Regarding executability of the decree, the Court observed that the principle that the Executing Court could not question the decree and had to execute it as it stood, had no operation in the facts of the case. The objection of the appellant was not with respect to the invalidity of the decree or with respect to the decree being wrong; his objection was based on the effect of the provisions of the Act which had deprived the respondent of his proprietary rights, including the right to recover possession over the land in suit and under whose provisions the respondent had obtained the right to remain in possession of it. In these circumstances, the executing Court could refuse to execute the decree holding that it had become inexecutable on account of the change in law and its effect.
The Apex Court in the Case of Laxmi and Co. v. Dr. Anant R. Deshpande reported in AIR 1973 SC 171, considering the question whether the Court can take notice of subsequent events observed thus :--
"It is true that the Court can take notice of subsequent events. These cases are where the Court finds that because of altered circumstances like devolution of interest it is necessary to shorten litigation. Where the original relief has become inappropriate by subsequent events, the Court can take notice of such changes. If the Court finds that the judgment of the Court cannot be carried into effect because of change of circumstances the Court takes notice of the same. If the Court finds that the matter is no longer in controversy the Court also takes notice of such event. If the property which is the subject-matter of suit is no longer available the Court will take notice of such event. The Court takes notice of subsequent events to shorten litigation, to preserve rights of both the parties and to subserve the ends of justice."
This Court in the case of Debraj Tuli v. Smt. Simla Nepak, reported in (1973) 1 Cut WR 670, observed that it is well settled that after vesting, the intermediary lost his right to sue for recovery of possession and his right, if any, has to be worked out under the appropriate provisions of the Act. Considering the applicability of the principles that the executing Court cannot go behind the decree, this Court held, that if the Court passing the decree lacked inherent jurisdiction the executing Court can refuse to execute the decree on the ground that it is a nullity.
Referring to the decision of the Supreme Court in the case of Shivashankar Prasad Sah v. Baikunth Nath Singh, reported in AIR 1969 SC 971, this Court held that in view of the legal effect of vesting, the original title under which the suit for eviction and for recovery of possession was filed, lapsed by reason of vesting of the estate and the quondam proprietors acquired a different character of right under the deemed settlement and until that settlement is accepted by the Estates Abolition Collector finally, it is impossible for the civil court to pass a decree for eviction on the basis of the original title, which is no longer available to the plaintiff. Obviously, therefore, the decree passed in the civil suit is without jurisdiction and a nullity.

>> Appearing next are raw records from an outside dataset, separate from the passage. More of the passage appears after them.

Record hopf_structure := HopfStructure {
  Delta : H -> seq (H * H);
  eps : H -> k;
  antipode : H -> H;
  Delta_lin : forall (a : k) (x y : H),
    teq2 (Delta (a *: x + y)) ([seq (a *: p.1, p.2) | p <- Delta x] ++ Delta y);
  Delta_mul : forall x y : H,
    teq2 (Delta (x * y)) [seq (p.1 * q.1, p.2 * q.2) | p <- Delta x, q <- Delta y];
  Delta_one : teq2 (Delta 1) [:: (1, 1)];
  Delta_coassoc : forall h : H,
    teq3 [seq (q.1, q.2, p.2) | p <- Delta h, q <- Delta p.1]
         [seq (p.1, q.1, q.2) | p <- Delta h, q <- Delta p.2];
  eps_lin : lin_form eps;
  eps_mul : forall x y : H, eps (x * y) = eps x * eps y;
  eps_one : eps 1 = 1;
  counit_l : forall h : H, \sum_(p <- Delta h) eps p.1 *: p.2 = h;
  counit_r : forall h : H, \sum_(p <- Delta h) eps p.2 *: p.1 = h;
  antipode_lin : forall (a : k) (x y : H),
    antipode (a *: x + y) = a *: antipode x + antipode y;
  antipode_l : forall h : H,
    \sum_(p <- Delta h) antipode p.1 * p.2 = eps h *: 1;
  antipode_r : forall h : H,
    \sum_(p <- Delta h) p.1 * antipode p.2 = eps h *: 1
}.

Definition is_subalgebra (K : H -> Prop) : Prop :=
  [/\ K 1,
      forall x y, K x -> K y -> K (x + y),
      forall (a : k) x, K x -> K (a *: x)
    & forall x y, K x -> K y -> K (x * y)].

Definition gen_alg (P : H -> Prop) : H -> Prop :=
  fun h => forall Q, is_subalgebra Q -> (forall y, P y -> Q y) -> Q h.

Definition fin_gen (K : H -> Prop) : Prop :=
  exists g : seq H, forall h, K h <-> gen_alg (fun y => y \in g) h.

Definition hopf_subalgebra (HS : hopf_structure) (K : H -> Prop) : Prop :=
  [/\ is_subalgebra K,
      forall h, K h -> exists t : seq (H * H),
        (forall p, p \in t -> K p.1 /\ K p.2) /\ teq2 (Delta HS h) t
    & forall h, K h -> K (antipode HS h)].

Definition locally_affine (HS : hopf_structure) (K : H -> Prop) : Prop :=
  forall s : seq H, (forall x, x \in s -> K x) ->
    exists L : H -> Prop,
      [/\ hopf_subalgebra HS L, (forall x, L x -> K x),
          (forall x, x \in s -> L x) & fin_gen L].

End Hopf.
(* Discrete Cauchy formula: averaging [w^((N-k)m) f(r w^m)] over the [N]-th roots of unity [w^m]
   kills every Taylor term of index [< N] except the [k]-th. *)
Lemma Cauchy_estimate_tail (a : nat -> C) (f : C -> C) (r : R) (k N : nat) :
  entire_with_coeffs a f -> 0 < r -> (k < N)%nat ->
  Cmod (a k) * r ^ k <=
    max_modulus f r + Series (fun i => Cmod (a (N + i)%nat) * r ^ (N + i)).
Proof.
  intros Hf Hr HkN.
  set (w := root_unity N).
  set (G := fun e => csum (fun m => (w ^ e) ^ m)%C N).
  set (t := fun j => (a j * RtoC r ^ j * G (j + (N - k))%nat)%C).
  set (Sw := csum (fun m => (w ^ (N - k)) ^ m * f (RtoC r * w ^ m))%C N).
  set (T := Series (fun i => Cmod (a (N + i)%nat) * r ^ (N + i))).
  assert (HwN : (w ^ N)%C = 1%C) by (apply root_unity_pow_N; lia).
  assert (Ht : is_series t Sw).
  { apply (is_series_ext
      (fun j => csum (fun m => (w ^ (N - k)) ^ m * (a j * pow_n (RtoC r * w ^ m) j))%C N)).
    - intros j. unfold t, G. rewrite <- csum_scal. apply csum_ext. intros m.
      rewrite (pow_n_Cpow (RtoC r * w ^ m)%C j), Cpow_mult_l, (Cpow_comm_exp w m j).
      rewrite Cpow_add_r, Cpow_mult_l. ring.
    - apply is_series_csum. intros m.
      exact (is_series_scal_l (V := C_NormedModule) _ _ _ (Hf _)). }
  assert (HS : Cmod Sw <= INR N * max_modulus f r).
  { apply Cmod_csum_le. intros m. rewrite Cmod_mult.
    unfold w, root_unity. rewrite !Cpow_cis, Cmod_cis, Rmult_1_l.
    apply (Cmod_le_max_modulus a); [exact Hf|lra]. }
  assert (Hzero : forall j, (j <= pred N)%nat -> j <> k -> t j = 0%C).
  { intros j Hj Hjk. unfold t, G. rewrite csum_geom_root; [ring| |].
    - rewrite Cpow_comm_exp, HwN. apply Cpow_1_l.
    - apply root_unity_pow_neq1; lia. }
  assert (Htk : t k = (a k * RtoC r ^ k * RtoC (INR N))%C).
  { unfold t, G. replace (k + (N - k))%nat with N by lia. now rewrite HwN, csum_pow_1. }
  assert (Htail : is_series (fun i => t (N + i)%nat) (Sw - t k)%C).
  { apply is_series_incr_n; [lia|].
    match goal with |- is_series _ ?X => replace X with Sw; [exact Ht|] end.
    transitivity (plus (Sw - t k)%C (t k)).
    - change (Sw = plus (Sw - t k)%C (t k)). unfold plus; simpl. ring.
    - f_equal. symmetry. apply sum_n_single; [lia|exact Hzero]. }
  assert (Htail_le : Cmod (Sw - t k) <= INR N * T).
  { apply Cmod_series_le with (1 := Htail)
      (b := fun i => INR N * (Cmod (a (N + i)%nat) * r ^ (N + i))).
    - intros i. unfold t. rewrite !Cmod_mult, Cmod_pow, Cmod_R, Rabs_pos_eq by lra.
      assert (HG := Cmod_root_unity_csum_le N (N + i + (N - k))).
      assert (0 <= Cmod (a (N + i)%nat) * r ^ (N + i))
        by (apply Rmult_le_pos; [apply Cmod_ge_0|apply pow_le; lra]).
      rewrite (Rmult_comm (INR N)). apply Rmult_le_compat_l; assumption.
    - apply (is_series_scal_l (V := R_NormedModule) (INR N)), Series_correct.
      apply (ex_series_incr_n (fun j => Cmod (a j) * r ^ j)), (ex_series_Cmod_coeffs a f);
        [exact Hf|lra]. }
  assert (HN : 0 < INR N) by (apply lt_0_INR; lia).
  assert (Hmain : Cmod (t k) <= Cmod Sw + Cmod (Sw - t k)).
  { replace (t k) with (Sw + - (Sw - t k))%C at 1 by ring.
    rewrite <- (Cmod_opp (Sw - t k)). apply Cmod_triangle. }
  assert (Htk_mod : Cmod (t k) = Cmod (a k) * r ^ k * INR N)
    by (rewrite Htk, !Cmod_mult, Cmod_pow, !Cmod_R, !Rabs_pos_eq by lra; reflexivity).
  apply Rmult_le_reg_r with (INR N); [exact HN|]. lra.
Qed.

Lemma Cauchy_estimate (a : nat -> C) (f : C -> C) (r : R) (k : nat) :
  entire_with_coeffs a f -> 0 < r -> Cmod (a k) * r ^ k <= max_modulus f r.
Proof.
  intros Hf Hr. apply Rle_plus_epsilon. intros eps Heps.
  set (b := fun j => Cmod (a j) * r ^ j).
  assert (Hb : ex_series b) by (apply (ex_series_Cmod_coeffs a f); [exact Hf|lra]).
  assert (Hpartial : is_lim_seq (sum_n b) (Series b)) by exact (Series_correct _ Hb).
  apply is_lim_seq_spec in Hpartial.
  destruct (Hpartial (mkposreal eps Heps)) as [N0 HN0].
  set (N := S (max N0 k)).
  assert (Htail : Series (fun i => b (N + i)%nat) = Series b - sum_n b (max N0 k)).
  { rewrite (Series_incr_n b N), sum_n_Reals by (lia || exact Hb). simpl. ring. }
  pose proof (Cauchy_estimate_tail a f r k N Hf Hr ltac:(lia)) as Hk.
  change (Cmod (a k) * r ^ k <= max_modulus f r + Series (fun i => b (N + i)%nat)) in Hk.
  rewrite Htail in Hk.
  specialize (HN0 (max N0 k) ltac:(lia)). apply Rabs_lt_between in HN0. simpl in HN0. lra.
Qed.

Lemma first_nonzero_coeff (a : nat -> C) :
  transcendental_coeffs a -> exists k, (forall j, (j < k)%nat -> a j = 0%C) /\ a k <> 0%C.
Proof.
  intros Ha. destruct (Ha O) as [n [_ Hn]].
  destruct (Wf_nat.dec_inh_nat_subset_has_unique_least_element (fun j => a j <> 0%C))
    as [k [[Hk Hleast] _]]; [intros j; apply classic | now exists n |].
  exists k. split; [|exact Hk].
  intros j Hj. apply NNPP. intros Hj0. specialize (Hleast j Hj0). lia.
Qed.

Definition ratio_minimizer (M : R -> R) (n : nat) (x : R) : Prop :=
  0 < x /\ forall s, 0 < s -> s <> x -> M x / x ^ n < M s / s ^ n.

Lemma ratio_minimizer_log_gap (M : R -> R) (n : nat) (x h : R) :
  (forall s, 0 < s -> 0 < M s) -> ratio_minimizer M n x -> h <> 0 ->
  INR n * h < ln (M (x * exp h)) - ln (M x).
Proof.
  intros HM [Hx Hmin] Hh.
  set (s := x * exp h).
  assert (Hs : 0 < s) by (apply Rmult_lt_0_compat; [exact Hx|apply exp_pos]).
  assert (Hsx : s <> x).
  { intros Heq. apply Hh, exp_inv. rewrite exp_0.
    apply Rmult_eq_reg_l with x; [|lra]. unfold s in Heq. rewrite Heq. ring. }
  assert (Hlt := Hmin s Hs Hsx).
  assert (0 < x ^ n) by (apply pow_lt; exact Hx).
  assert (0 < s ^ n) by (apply pow_lt; exact Hs).
  apply ln_increasing in Hlt; [|apply Rdiv_lt_0_compat; auto].
  rewrite !ln_div, !ln_pow in Hlt by auto.
  unfold s in Hlt. rewrite ln_mult, ln_exp in Hlt by (auto; apply exp_pos). unfold s. lra.
Qed.

Lemma ratio_minimizer_bounded (M : R -> R) (c : R) (k n : nat) (x B : R) :
  0 < c -> (k <= n)%nat -> (forall s, 0 < s -> c * s ^ k <= M s) ->
  ratio_minimizer M n x -> x <= B -> c * 2 ^ n * B ^ k < M (2 * B).
Proof.
  intros Hc Hkn HM [Hx Hmin] HxB.
  assert (Hratio := Hmin (2 * B) ltac:(lra) ltac:(lra)).
  set (d := (n - k)%nat).
  assert (Hn : n = (k + d)%nat) by (unfold d; lia).
  assert (HxB_d : x ^ d <= B ^ d) by (apply pow_incr; lra).
  assert (0 < x ^ k) by (apply pow_lt; lra).
  assert (0 < x ^ d) by (apply pow_lt; lra).
  assert (0 < B ^ k) by (apply pow_lt; lra).
  assert (0 < B ^ d) by (apply pow_lt; lra).
  assert (0 < 2 ^ n) by (apply pow_lt; lra).
  assert (Hcross : M x * (2 ^ n * (B ^ k * B ^ d)) < M (2 * B) * (x ^ k * x ^ d)).
  { rewrite <- !pow_add, <- Hn, <- Rpow_mult_distr.
    apply Rmult_lt_reg_r with (/ (x ^ n * (2 * B) ^ n)).
    - apply Rinv_0_lt_compat, Rmult_lt_0_compat; apply pow_lt; lra.
    - replace (M x * (2 * B) ^ n * / (x ^ n * (2 * B) ^ n)) with (M x / x ^ n)
        by (field; split; apply pow_nonzero; lra).
      replace (M (2 * B) * x ^ n * / (x ^ n * (2 * B) ^ n)) with (M (2 * B) / (2 * B) ^ n)
        by (field; split; apply pow_nonzero; lra).
      exact Hratio. }
  assert (HMx := HM x Hx).
  assert (HMx_pos : 0 < M x) by nra.
  assert (HM2B : 0 < M (2 * B)).
  { apply Rmult_lt_reg_r with (x ^ k * x ^ d); [apply Rmult_lt_0_compat; assumption|].
    rewrite Rmult_0_l. eapply Rlt_trans; [|exact Hcross].
    repeat apply Rmult_lt_0_compat; assumption. }
  apply Rmult_lt_reg_r with (x ^ k * B ^ d); [apply Rmult_lt_0_compat; assumption|].
  apply Rle_lt_trans with (M x * (2 ^ n * (B ^ k * B ^ d))).
  { replace (c * 2 ^ n * B ^ k * (x ^ k * B ^ d)) with (c * x ^ k * (2 ^ n * (B ^ k * B ^ d)))
      by ring.
    apply Rmult_le_compat_r; [|exact HMx]. left; repeat apply Rmult_lt_0_compat; assumption. }
  eapply Rlt_le_trans; [exact Hcross|].
  apply Rmult_le_compat_l; [lra|]. apply Rmult_le_compat_l; lra.
Qed.

Lemma INR_le_pow2 (n : nat) : INR n <= 2 ^ n.
Proof.
  induction n as [|n IH]; [simpl; lra|]. rewrite S_INR. simpl pow.
  assert (1 <= 2 ^ n) by (apply pow_R1_Rle; lra). lra.
Qed.

Lemma ratio_minimizer_unbounded (M : R -> R) (c : R) (k : nat) (x : nat -> R) :
  0 < c -> (forall s, 0 < s -> c * s ^ k <= M s) ->
  (forall n, (k < n)%nat -> ratio_minimizer M n (x n)) ->
  is_lim_seq x p_infty.
Proof.
  intros Hc HM Hmin. apply is_lim_seq_spec. intros B.
  set (B' := Rmax 1 B).
  assert (HB' : 1 <= B') by apply Rmax_l.
  assert (0 < B' ^ k) by (apply pow_lt; lra).
  destruct (INR_unbounded (M (2 * B') / (c * B' ^ k))) as [N HN].
  exists (S (max N k)). intros n Hn.
  apply Rle_lt_trans with B'; [apply Rmax_r|]. apply Rnot_le_lt. intros HxB.
  assert (Hbound := ratio_minimizer_bounded M c k n (x n) B' Hc ltac:(lia) HM
                      (Hmin n ltac:(lia)) HxB).
  assert (Hpow : 2 ^ n < M (2 * B') / (c * B' ^ k)).
  { apply Rmult_lt_reg_r with (c * B' ^ k); [nra|].
    replace (M (2 * B') / (c * B' ^ k) * (c * B' ^ k)) with (M (2 * B')) by (field; lra).
    lra. }
  pose proof (INR_le_pow2 n). assert (INR N <= INR n) by (apply le_INR; lia). lra.
Qed.

(* For small [y > 0], [(1 - exp (- y)) / y] and [(exp y - 1) / y] squeeze [q n] around 1. *)
Lemma is_lim_seq_1_of_exp_bound (q : nat -> R) :
  (forall y eta, 0 < eta -> eventually (fun n => q n * y < exp y - 1 + eta)) ->
  is_lim_seq q 1.
Proof.
  intros Hq. apply is_lim_seq_spec. intros eps.
  assert (Heps := cond_pos eps).
  destruct (derivable_pt_lim_exp_0 (eps / 2) ltac:(lra)) as [d Hd].
  assert (Hd0 := cond_pos d).
  set (y := d / 2).
  assert (Hy : 0 < y) by (unfold y; lra).
  assert (Hslope : forall h, h <> 0 -> Rabs h < d ->
            exists g, exp h - 1 = g * h /\ Rabs (g - 1) < eps / 2).
  { intros h Hh0 Hhd. exists ((exp h - 1) / h). split; [field; exact Hh0|].
    specialize (Hd h Hh0 Hhd). now rewrite Rplus_0_l, exp_0 in Hd. }
  destruct (Hslope y) as [g1 [Hg1 Hg1']]; [lra|rewrite Rabs_pos_eq; unfold y; lra|].
  destruct (Hslope (- y)) as [g2 [Hg2 Hg2']]; [lra|rewrite Rabs_Ropp, Rabs_pos_eq; unfold y; lra|].
  apply Rabs_lt_between' in Hg1', Hg2'.
  destruct (Hq y (y * eps / 2)) as [N1 H1]; [nra|].
  destruct (Hq (- y) (y * eps / 2)) as [N2 H2]; [nra|].
  exists (max N1 N2). intros n Hn.
  specialize (H1 n ltac:(lia)). specialize (H2 n ltac:(lia)).
  apply Rabs_lt_between'. split; nra.
Qed.

Lemma Rpower_mult_exp (x h rho : R) :
  0 < x -> Rpower (x * exp h) rho = Rpower x rho * exp (rho * h).
Proof.
  intros Hx. unfold Rpower. rewrite ln_mult, ln_exp, <- exp_plus by (auto; apply exp_pos).
  f_equal. ring.
Qed.

Section RatioMinimizerAsymptotics.

Variables (M : R -> R) (rho tau : R) (k : nat) (x : nat -> R).
Hypotheses (Hrho : 0 < rho) (Htau : 0 < tau) (HM : forall s, 0 < s -> 0 < M s)
  (Hgrowth : is_lim (fun r => ln (M r) / Rpower r rho) p_infty tau)
  (Hmin : forall n, (k < n)%nat -> ratio_minimizer M n (x n))
  (Hx : is_lim_seq x p_infty).

Let u (r : R) : R := ln (M r) / Rpower r rho.

Lemma is_lim_seq_growth (z : nat -> R) :
  is_lim_seq z p_infty -> is_lim_seq (fun n => u (z n)) tau.
Proof. apply (is_lim_comp_seq u _ p_infty tau Hgrowth). now exists O. Qed.
Lemma largest_singular_value_const_sums m p (B : 'M[R]_(m, p)) (c d : R) :
  (0 < m)%N -> (0 < p)%N -> (forall i j, 0 <= B i j) ->
  (forall i, \sum_j B i j = c) -> (forall j, \sum_i B i j = d) ->
  largest_singular_value B (Num.sqrt (c * d)).
Proof.
move=> m_gt0 p_gt0 B_ge0 rowB colB.
have c_ge0 : 0 <= c by rewrite -(rowB (Ordinal m_gt0)) sumr_ge0.
have d_ge0 : 0 <= d by rewrite -(colB (Ordinal p_gt0)) sumr_ge0.
have ones_neq0 k : (0 < k)%N -> const_mx 1 != 0 :> 'cV[R]_k.
  by move=> k_gt0; apply/eqP => /matrixP/(_ (Ordinal k_gt0) 0)/eqP; rewrite !mxE oner_eq0.
split=> [|t sv_t].
  exists ((vnorm (const_mx 1 : 'cV_m))^-1 *: const_mx 1).
  exists ((vnorm (const_mx 1 : 'cV_p))^-1 *: const_mx 1).
  apply: sv_triple_normalize; rewrite ?ones_neq0 //; apply/matrixP => i j.
    by rewrite !mxE mulr1 -(rowB i); apply: eq_bigr => l _; rewrite !mxE mulr1.
  by rewrite !mxE mulr1 -(colB i); apply: eq_bigr => l _; rewrite !mxE mulr1.
have [_ [_ [t_ge0 _ _ _ _]]] := sv_t.
rewrite -(ger0_norm t_ge0) -sqrtr_sqr ler_sqrt ?mulr_ge0 //.
by apply: (singular_value_sqr_le c_ge0 B_ge0) => // [i|j]; rewrite ?rowB ?colB.
Qed.

End SingularValues.

Lemma trmx_mulmx_inj (F : fieldType) m p q (A : 'M[F]_(m, p)) :
  row_free A -> injective (@mulmx _ p m q A^T).
Proof.
move=> A_free y z /(congr1 trmx); rewrite !trmx_mul trmxK.
by move/(row_free_inj A_free)/trmx_inj.
Qed.

Section Indicator.
Variables (R : rcfType) (K n : nat) (lab : 'I_n -> 'I_K).

Lemma indicator_colE k j : (row k (indicator R lab))^T j 0 = (lab j == k)%:R.
Proof. by rewrite !mxE. Qed.

Lemma indicator_col_neq0 k j : lab j = k -> (row k (indicator R lab))^T != 0.
Proof.
move=> lab_j; apply/eqP => /matrixP/(_ j 0)/eqP.
by rewrite indicator_colE mxE lab_j eqxx oner_eq0.
Qed.

End Indicator.

Section BlockStochastic.
Variables (R : rcfType) (K n r : nat) (lab : 'I_n -> 'I_K) (g : 'I_r -> 'I_n).
Variable A : 'M[R]_(r, n).
Hypothesis A_colsum : forall l, \sum_i A i l = 1.
Hypothesis A_support : forall i l, lab (g i) != lab l -> A i l = 0.

Local Notation F k := (row k (indicator R lab))^T.
Local Notation Fbasis k := (row k (indicator R (lab \o g)))^T.

Lemma support_mul_indicator k i l :
  A i l * (lab (g i) == k)%:R = A i l * (lab l == k)%:R.
Proof. by have [->|/A_support->] := eqVneq (lab (g i)) (lab l); rewrite ?mul0r. Qed.

Lemma trmx_mul_basis_indicator k : A^T *m Fbasis k = F k.
Proof.
apply/matrixP => l j; rewrite ord1 mxE indicator_colE.
transitivity ((\sum_i A i l) * (lab l == k)%:R); last by rewrite A_colsum mul1r.
by rewrite mulr_suml; apply: eq_bigr => i _; rewrite !mxE support_mul_indicator.
Qed.

Lemma mulmx_indicator_colE k i :
  (A *m F k) i 0 = (\sum_l A i l) * (lab (g i) == k)%:R.
Proof.
rewrite mxE mulr_suml; apply: eq_bigr => l _.
by rewrite indicator_colE support_mul_indicator.
Qed.

Lemma class_block_rowsum k i :
  \sum_j class_block lab g k A i j = \sum_l A (enum_val i) l.
Proof.
have /[!inE] /eqP lab_i := enum_valP i.
under eq_bigr do rewrite mxE.
rewrite -(big_enum_val (fun l => A (enum_val i) l)) big_mkcond /=.
apply: eq_bigr => l _; rewrite inE; have [//|] := eqVneq (lab l) k.
by move=> lab_l; rewrite A_support // lab_i eq_sym.
Qed.

Lemma class_block_colsum k j : \sum_i class_block lab g k A i j = 1.
Proof.
have /[!inE] /eqP lab_j := enum_valP j.
under eq_bigr do rewrite mxE.
rewrite -(big_enum_val (fun i => A i (enum_val j))) big_mkcond /= -(A_colsum (enum_val j)).
apply: eq_bigr => i _; rewrite inE; have [//|] := eqVneq (lab (g i)) k.
by move=> lab_gi; rewrite A_support // lab_j.
Qed.

Lemma rowsum_eq_of_right_singular k s : row_free A ->
  right_singular_vector A ((vnorm (F k))^-1 *: F k) s ->
  forall i, lab (g i) = k -> \sum_l A i l = s ^+ 2.
Proof.
move=> A_free [u [_ _ _ Av ATu]] i lab_i.
have F_neq0 : vnorm (F k) != 0 by rewrite gt_eqF // vnorm_gt0 // (indicator_col_neq0 _ lab_i).
have gram : A^T *m (A *m F k) = s ^+ 2 *: F k.
  move: (congr1 (mulmx A^T) Av); rewrite -!scalemxAr ATu !scalerA mulrC -expr2 -scalerA.
  by move/(scalerI (invr_neq0 F_neq0)).
have AF : A *m F k = s ^+ 2 *: Fbasis k.
  by apply: (trmx_mulmx_inj A_free); rewrite gram -scalemxAr trmx_mul_basis_indicator.
move: (congr1 (fun M : 'cV_r => M i 0) AF) => /=.
by rewrite mulmx_indicator_colE mxE indicator_colE /= lab_i eqxx !mulr1.
Qed.

Lemma right_singular_of_rowsum_eq k i0 : (forall i l, 0 <= A i l) ->
  lab (g i0) = k -> (forall i, lab (g i) = k -> \sum_l A i l = \sum_l A i0 l) ->
  exists s, largest_singular_value (class_block lab g k A) s /\
            right_singular_vector A ((vnorm (F k))^-1 *: F k) s.
Proof.
move=> A_ge0 lab_i0 rowsum_eq; set rho := \sum_l A i0 l.
have rho_ge0 : 0 <= rho by exact: sumr_ge0.
have AF : A *m F k = rho *: Fbasis k.
  apply/matrixP => i j; rewrite ord1 mulmx_indicator_colE mxE indicator_colE /=.
  by have [/rowsum_eq->|] := eqVneq (lab (g i)) k; rewrite ?mulr0.
exists (Num.sqrt (rho * 1)); split.
  apply: largest_singular_value_const_sums => [||i j|i|j].
  - by apply/card_gt0P; exists i0; rewrite inE lab_i0.
  - by apply/card_gt0P; exists (g i0); rewrite inE lab_i0.
  - by rewrite mxE.
  - by rewrite class_block_rowsum rowsum_eq //; have /[!inE] /eqP := enum_valP i.
  - exact: class_block_colsum.
exists ((vnorm (Fbasis k))^-1 *: Fbasis k); apply: sv_triple_normalize => //.
- exact: (indicator_col_neq0 _ lab_i0).
- exact: (indicator_col_neq0 _ lab_i0).
- by rewrite trmx_mul_basis_indicator scale1r.
Qed.

Lemma right_singular_indicators_iff : (forall i l, 0 <= A i l) -> row_free A ->
  (forall k, exists i, lab (g i) = k) ->
  (forall k : 'I_K,
     let Fk := F k in
     exists s, largest_singular_value (class_block lab g k A) s /\
               right_singular_vector A ((vnorm Fk)^-1 *: Fk) s)
  <->
  (forall i j, lab (g i) = lab (g j) -> \sum_l A i l = \sum_l A j l).
Proof.
move=> A_ge0 A_free has_basis; split=> [sv i j lab_ij | rowsum_eq k].
  have [s [_ rsv]] := sv (lab (g i)).
  by rewrite !(rowsum_eq_of_right_singular A_free rsv).
have [i0 lab_i0] := has_basis k.
apply: (right_singular_of_rowsum_eq A_ge0 lab_i0) => i lab_i.
by apply: rowsum_eq; rewrite lab_i lab_i0.
Qed.

End BlockStochastic.

Lemma WtildeE (R : rcfType) r n (W : 'M[R]_(r, n)) :
  (forall j, \sum_i W i j != 0) -> forall i j, Wtilde W i j = W i j / \sum_i W i j.
Proof.
move=> colsum_neq0 i j.
have D_unit : colsum_diag W \in unitmx.
  by rewrite unitmxE det_diag unitfE; apply/prodf_neq0 => l _; rewrite mxE.
have := congr1 (fun M : 'M_(r, n) => M i j) (mulmxKV D_unit W).
by rewrite -/(Wtilde W) /colsum_diag mul_mx_diag !mxE => <-; rewrite mulfK.
Qed.

Theorem theorem3 (R : rcfType) (K n r : nat) (lab : 'I_n -> 'I_K)
  (g : 'I_r -> 'I_n) (W : 'M[R]_(r, n)) :
  injective g -> (r <= n)%N ->
  (forall k : 'I_K, exists i : 'I_r, lab (g i) = k) ->
  (forall i j, 0 <= W i j) ->
  (forall j, 0 < \sum_i W i j) ->
  row_free (Wtilde W) ->
  (forall i j, lab (g i) != lab j -> W i j = 0) ->
  (forall k : 'I_K,
     let Fk := (row k (indicator R lab))^T in
     exists s, largest_singular_value (class_block lab g k (Wtilde W)) s /\
               right_singular_vector (Wtilde W) ((vnorm Fk)^-1 *: Fk) s)
  <->
  (forall i j : 'I_r, lab (g i) = lab (g j) ->
     \sum_l Wtilde W i l = \sum_l Wtilde W j l).
Proof.
move=> _ _ has_basis W_ge0 colsum_gt0 Wt_free W_support.
have WtE := WtildeE (fun j => lt0r_neq0 (colsum_gt0 j)).
apply: right_singular_indicators_iff => // [l|i l lab_il|i l].
- by under eq_bigr do rewrite WtE; rewrite -mulr_suml mulfV ?gt_eqF.
- by rewrite WtE W_support ?mul0r.
- by rewrite WtE divr_ge0 // ltW.
Qed.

8. From the principles laid down in the decisions noted above the conclusion is inescapable that in view of the decision of the revenue authority (Tahsildar) in R.F. Case No. 258 of 1984 the decree passed by the learned Subordinate Judge being without jurisdiction is a nullity, it has become inexecutable in the altered situation and therefore the executing Court can refuse to execute the said decree.
9. In the result, the revision petition is allowed, the order of the learned Subordinate Judge rejecting the petitioners' application under Section 47, C.P.C. is set aside and the learned Subordinate Judge is directed to pass necessary order dismissing the execution case. Parties will bear their respective cost of this proceeding.